Friday, December 27, 2013

HSF Challenge #26: Celebrate!

Celebrate! the Christmas season, what you've learned this year, or simply having survived the Historical Sew Fortnightly 2013.

We were very generously given tickets to the American Women's Club of Amsterdam's winter gala, but there were still two things holding us back.  I didn't have a dress, and Dan didn't have a suit.  Thanks to an early Christmas present from my parents, Dan got a very spiffy suit, so I just needed a dress.  This summer I bought some very festive fabric, intending to someday transform it into a Regency gown.  The time had come!  I was on quite a deadline, but managed to get almost everything done in time (I still have to bind the sleeve seam (but that's inside so nobody sees that), and I may go back and add buttons someday).  The gown turned out perfectly, but I do have the new goal of figuring out Regency hair styles, as mine wasn't, well, right.  I probably could have used some jewelry too.

The Challenge: Celebrate!

Fabric: This summer I discovered my new favorite fabric store in Chicago- Fishman's!  It's not a large store, but had a ton of natural fiber selections, silks in particular.  And they had a dusty shelf along the back wall with $5 per yard striped silks.  Beautiful, light weight, and crispy.  Most of the fabric was a bit garish, or larger plaid patterns suited to the later Victorian era, but there was a gold, maroon, and blue narrow striped fabric that was perfect for regency.  It's not my usual color choice, gold doesn't really suit me, but for $5 per yard I couldn't pass it up.  So I bought all that was left, I think almost 5 yards.  My accent fabric was a gunmetal silk shantung.  I went looking to bring out the blue stripe, but the gunmetal, much to my surprise, went beautifully.

Pattern: Skirt was from La Mode Bagatelle, bodice and sleeves were my own creations, based several incarnations ago on the Bagatelle pattern.

Year: I was going for 1817-1818.

Notions: Hooks and eyes for the back closure; I would have preferred buttons but ran out of time.

How historically accurate is it?

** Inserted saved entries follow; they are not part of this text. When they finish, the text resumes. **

(* (1) For any binary operator $\Box$ on a set $\mathbb D$, any (possibly infinite) system of pure equations $x=f_x$ ($x\in X$), any initial mapping $\rho_0:X\to\mathbb D$ and any unknown $x_0$, if algorithm SLR$_1$ (defined below) terminates, then it returns a partial $\Box$-solution $(\mathsf{dom},\rho)$ with $x_0\in\mathsf{dom}$. (2) If $\mathbb D$ is a directed set, every right-hand side is monotonic, and $\Box=\boxdot$, then for any initial mapping $\rho_0$ and any $x_0$, SLR$_1$ terminates (and thus returns a partial post solution containing $x_0$ in its domain) whenever only finitely many unknowns are ever added to $\mathsf{dom}$ during the run.
   Context: A right-hand side $f$ is pure if it is given as a finite-depth (well-founded) query tree: either $\mathsf{Return}(d)$ with $d\in\mathbb D$, or $\mathsf{Query}(y,k)$ with $y\in X$ and $k:\mathbb D\to$ tree; $f$ is evaluated w.r.t. a lookup function $g:X\to\mathbb D$ by answering each query $y$ with $g(y)$ until a value is returned; $f\rho$ denotes evaluation with $g=\rho$, and $\mathsf{dep}_x\rho$ is the set of unknowns queried when evaluating $f_x\rho$. A partial $\Box$-solution is a pair of a set $\mathsf{dom}\subseteq X$ and $\rho:\mathsf{dom}\to\mathbb D$ such that for all $x\in\mathsf{dom}$: $\mathsf{dep}_x\rho\subseteq\mathsf{dom}$ and $\rho[x]=\rho[x]\,\Box\, f_x\rho$. (Partial post solution: same but $\rho[x]\sqsupseteq f_x\rho$.) Monotonic: $\rho\sqsubseteq\rho'$ pointwise (total maps) implies $f_x\rho\sqsubseteq f_x\rho'$. Algorithm SLR$_1$: global state: set $\mathsf{dom}$, map $\rho$ on $\mathsf{dom}$, integer $\mathsf{count}$, map $\mathsf{key}:\mathsf{dom}\to\mathbb Z$, map $\mathsf{infl}$ from unknowns to sets of unknowns (default $\emptyset$), set $\mathsf{stable}$, priority queue $Q$ keyed by $\mathsf{key}$ (no duplicates). $\mathsf{init}(y)$: $\mathsf{dom}:=\mathsf{dom}\cup\{y\}$; $\mathsf{key}[y]:=-\mathsf{count}$; $\mathsf{count}:=\mathsf{count}+1$; $\mathsf{infl}[y]:=\{y\}$; $\rho[y]:=\rho_0[y]$. $\mathsf{eval}(x,y)$: if $y\notin\mathsf{dom}$ then $\mathsf{init}(y)$; $\mathsf{solve}(y)$; end; $\mathsf{infl}[y]:=\mathsf{infl}[y]\cup\{x\}$; return $\rho[y]$. $\mathsf{solve}(x)$: if $x\notin\mathsf{stable}$ then: $\mathsf{stable}:=\mathsf{stable}\cup\{x\}$; $tmp:=\rho[x]\,\Box\, v$ where $v$ is the result of evaluating the tree $f_x$ answering each query $y$ by $\mathsf{eval}(x,y)$ (reading $\rho[x]$ before the evaluation); if $tmp\neq\rho[x]$ then: $W:=\mathsf{infl}[x]\cup\{x\}$; add every $y\in W$ to $Q$; $\rho[x]:=tmp$; $\mathsf{infl}[x]:=\emptyset$; $\mathsf{stable}:=\mathsf{stable}\setminus W$; while $Q\neq\emptyset$ and the minimal key in $Q$ is $\le\mathsf{key}[x]$: remove the element of $Q$ with minimal key and call $\mathsf{solve}$ on it. Main: $\mathsf{stable},\mathsf{dom}:=\emptyset$, $\mathsf{infl}$ empty, $\rho$ empty, $Q$ empty, $\mathsf{count}:=0$; $\mathsf{init}(x_0)$; $\mathsf{solve}(x_0)$; return $(\mathsf{dom},\rho)$. Widening $\nabla$: $a\sqsubseteq a\nabla b$, $b\sqsubseteq a\nabla b$, no infinite sequence with $a_{i+1}=a_i\nabla b_i\neq a_i$ for all $i$. Narrowing $\triangle$: $b\sqsubseteq a$ implies $b\sqsubseteq a\triangle b\sqsubseteq a$, no infinite sequence with $b_i\sqsubseteq a_i$, $a_{i+1}=a_i\triangle b_i\neq a_i$ for all $i$. $a\boxdot b=a\triangle b$ if $b\sqsubseteq a$, else $a\nabla b$. *)

(* Classical decisions (excluded_middle_informative) are used
   for the tests performed by the algorithm, so that X and D are arbitrary types. *)
From Stdlib Require Import ZArith List ClassicalEpsilon.
Import ListNotations.
Set Implicit Arguments.

(* ---------- Pure right-hand sides: well-founded query trees ---------- *)
Inductive tree (X D : Type) : Type :=
| Return : D -> tree X D
| Query : X -> (D -> tree X D) -> tree X D.
Arguments Return {X D} _.
Arguments Query {X D} _ _.

Fixpoint evalT {X D : Type} (g : X -> D) (t : tree X D) : D :=
  match t with
  | Return d => d
  | Query y k => evalT g (k (g y))
  end.

Fixpoint dep {X D : Type} (g : X -> D) (t : tree X D) : X -> Prop :=
  match t with
  | Return _ => fun _ => False
  | Query y k => fun z => z = y \/ dep g (k (g y)) z
  end.

(* (dom, rho) : rho is only relevant on dom; since dep ⊆ dom, the evaluation
   only reads values on dom. *)
Definition partial_box_solution {X D : Type} (box : D -> D -> D)
    (f : X -> tree X D) (dom : X -> Prop) (rho : X -> D) : Prop :=
  forall x, dom x ->
    (forall y, dep rho (f x) y -> dom y) /\ rho x = box (rho x) (evalT rho (f x)).

Definition partial_post_solution {X D : Type} (le : D -> D -> Prop)
    (f : X -> tree X D) (dom : X -> Prop) (rho : X -> D) : Prop :=
  forall x, dom x ->
    (forall y, dep rho (f x) y -> dom y) /\ le (evalT rho (f x)) (rho x).

Definition directed {D : Type} (le : D -> D -> Prop) : Prop :=
  (forall a, le a a) /\ (forall a b c, le a b -> le b c -> le a c) /\
  (forall a b, exists c, le a c /\ le b c).

Definition monotonic {X D : Type} (le : D -> D -> Prop) (f : X -> tree X D) : Prop :=
  forall x (rho rho' : X -> D), (forall y, le (rho y) (rho' y)) ->
    le (evalT rho (f x)) (evalT rho' (f x)).

Definition is_widening {D : Type} (le : D -> D -> Prop) (wid : D -> D -> D) : Prop :=
  (forall a b, le a (wid a b)) /\ (forall a b, le b (wid a b)) /\
  ~ (exists (a b : nat -> D), forall i, a (S i) = wid (a i) (b i) /\ a (S i) <> a i).

Definition is_narrowing {D : Type} (le : D -> D -> Prop) (nar : D -> D -> D) : Prop :=
  (forall a b, le b a -> le b (nar a b) /\ le (nar a b) a) /\
  ~ (exists (a b : nat -> D), forall i,
        le (b i) (a i) /\ a (S i) = nar (a i) (b i) /\ a (S i) <> a i).

Definition dec (P : Prop) : {P} + {~ P} := excluded_middle_informative P.

Definition boxdot {D : Type} (le : D -> D -> Prop) (wid nar : D -> D -> D)
    (a b : D) : D :=
  if dec (le b a) then nar a b else wid a b.

Record state (X D : Type) := mkState {
  sdom : X -> Prop;
  srho : X -> D;
  scount : Z;
  skey : X -> Z;
  sinfl : X -> list X;
  sstable : X -> Prop;
  sQ : list X }.
Arguments mkState {X D}.

(* results of a run with fuel: either finished, or out of fuel together with
   the (genuine, intermediate) state reached at that point *)
Inductive result (X D A : Type) :=
| Done : state X D -> A -> result X D A
| OutOfFuel : state X D -> result X D A.
Arguments Done {X D A}.
Arguments OutOfFuel {X D A}.

Definition res_state {X D A} (r : result X D A) : state X D :=
  match r with Done s _ => s | OutOfFuel s => s end.

Definition upd {X A : Type} (g : X -> A) (x : X) (v : A) : X -> A :=
  fun y => if dec (y = x) then v else g y.

Definition addQ {X : Type} (Q : list X) (y : X) : list X :=
  if dec (In y Q) then Q else Q ++ [y].

Definition removeQ {X : Type} (y : X) (Q : list X) : list X :=
  filter (fun z => if dec (z = y) then false else true) Q.

Fixpoint minQ {X : Type} (key : X -> Z) (Q : list X) : option X :=
  match Q with
  | [] => None
  | y :: Q' => match minQ key Q' with
               | None => Some y
               | Some z => if Z.leb (key y) (key z) then Some y else Some z
               end
  end.

Section SLR1.
Variables (X D : Type) (box : D -> D -> D) (f : X -> tree X D) (rho0 : X -> D).

Definition empty_state : state X D :=
  mkState (fun _ => False) rho0 0%Z (fun _ => 0%Z) (fun _ => []) (fun _ => False) [].

Definition init (y : X) (s : state X D) : state X D :=
  mkState (fun z => z = y \/ sdom s z)
          (upd (srho s) y (rho0 y))
          (scount s + 1)%Z
          (upd (skey s) y (- scount s)%Z)
          (upd (sinfl s) y [y])
          (sstable s)
          (sQ s).

Fixpoint solve (n : nat) (x : X) (s : state X D) {struct n} : result X D unit :=
  match n with
  | O => OutOfFuel s
  | S n' =>
    if dec (sstable s x) then Done s tt else
    let s1 := mkState (sdom s) (srho s) (scount s) (skey s) (sinfl s)
                      (fun z => z = x \/ sstable s z) (sQ s) in
    let old := srho s1 x in
    let ev := fix ev (t : tree X D) (s : state X D) {struct t} : result X D D :=
      match t with
      | Return d => Done s d
      | Query y k =>
        let r := if dec (sdom s y) then Done s tt else solve n' y (init y s) in
        match r with
        | OutOfFuel s' => OutOfFuel s'
        | Done s' _ =>
          let s'' := mkState (sdom s') (srho s') (scount s') (skey s')
                       (upd (sinfl s') y (x :: sinfl s' y)) (sstable s') (sQ s') in
          ev (k (srho s'' y)) s''
        end
      end in
    match ev (f x) s1 with
    | OutOfFuel s2 => OutOfFuel s2
    | Done s2 v =>
      let tmp := box old v in
      if dec (tmp = srho s2 x) then Done s2 tt else
      let W := x :: sinfl s2 x in
      let s3 := mkState (sdom s2) (upd (srho s2) x tmp) (scount s2) (skey s2)
                  (upd (sinfl s2) x []) (fun z => sstable s2 z /\ ~ In z W)
                  (fold_left addQ W (sQ s2)) in
      loop n' x s3
    end
  end
with loop (n : nat) (x : X) (s : state X D) {struct n} : result X D unit :=
  match n with
  | O => OutOfFuel s
  | S n' =>
    match minQ (skey s) (sQ s) with
    | None => Done s tt
    | Some y =>
      if Z.leb (skey s y) (skey s x) then
        let s' := mkState (sdom s) (srho s) (scount s) (skey s) (sinfl s)
                    (sstable s) (removeQ y (sQ s)) in
        match solve n' y s' with
        | OutOfFuel s'' => OutOfFuel s''
        | Done s'' _ => loop n' x s''
        end
      else Done s tt
    end
  end.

I hate this question.  I think I'm going to follow Festive Attyre and quit answering it.

Hours to complete: Not too many by my standards, the bodice only needed one mock-up, and I remembered a lot of my should-have-done's from my regency wedding dress, but the oversleeves took a while to get right.  Maybe only 20?

First worn: The American Women's Club winter gala.  I got a lot of compliments on the dress, and looked very regal next to all the modern dresses.

Total cost: $25 for the gold silk (still have a yard left over), $30 (full cost) for 1 meter of the grey (enough left to cover shoes or make a bag). So $55.

After a long night of dancing (thus the wrinkles)

My lovely piping job!

I got this shawl in Cologne Germany for $20.
100% Yak wool from Tibet.  And it's much
softer than it sounds!

And one of Dan in his dapper new suit.


  1. Oh!!! It's absolutely gorgeous! I loooove the stripes, and the colors are wonderful together.

  2. Love the cap sleeves--hadn't really looked closely at the detail before.

  3. Your neckline detail really adds a lot to the dress! Will have to remember that for future dress adventures.

    I saw this on the Historical Sew Fortnightly wall, and didn't previously notice the little tonal stripe in the gold fabric. It is beautiful! Such pretty details.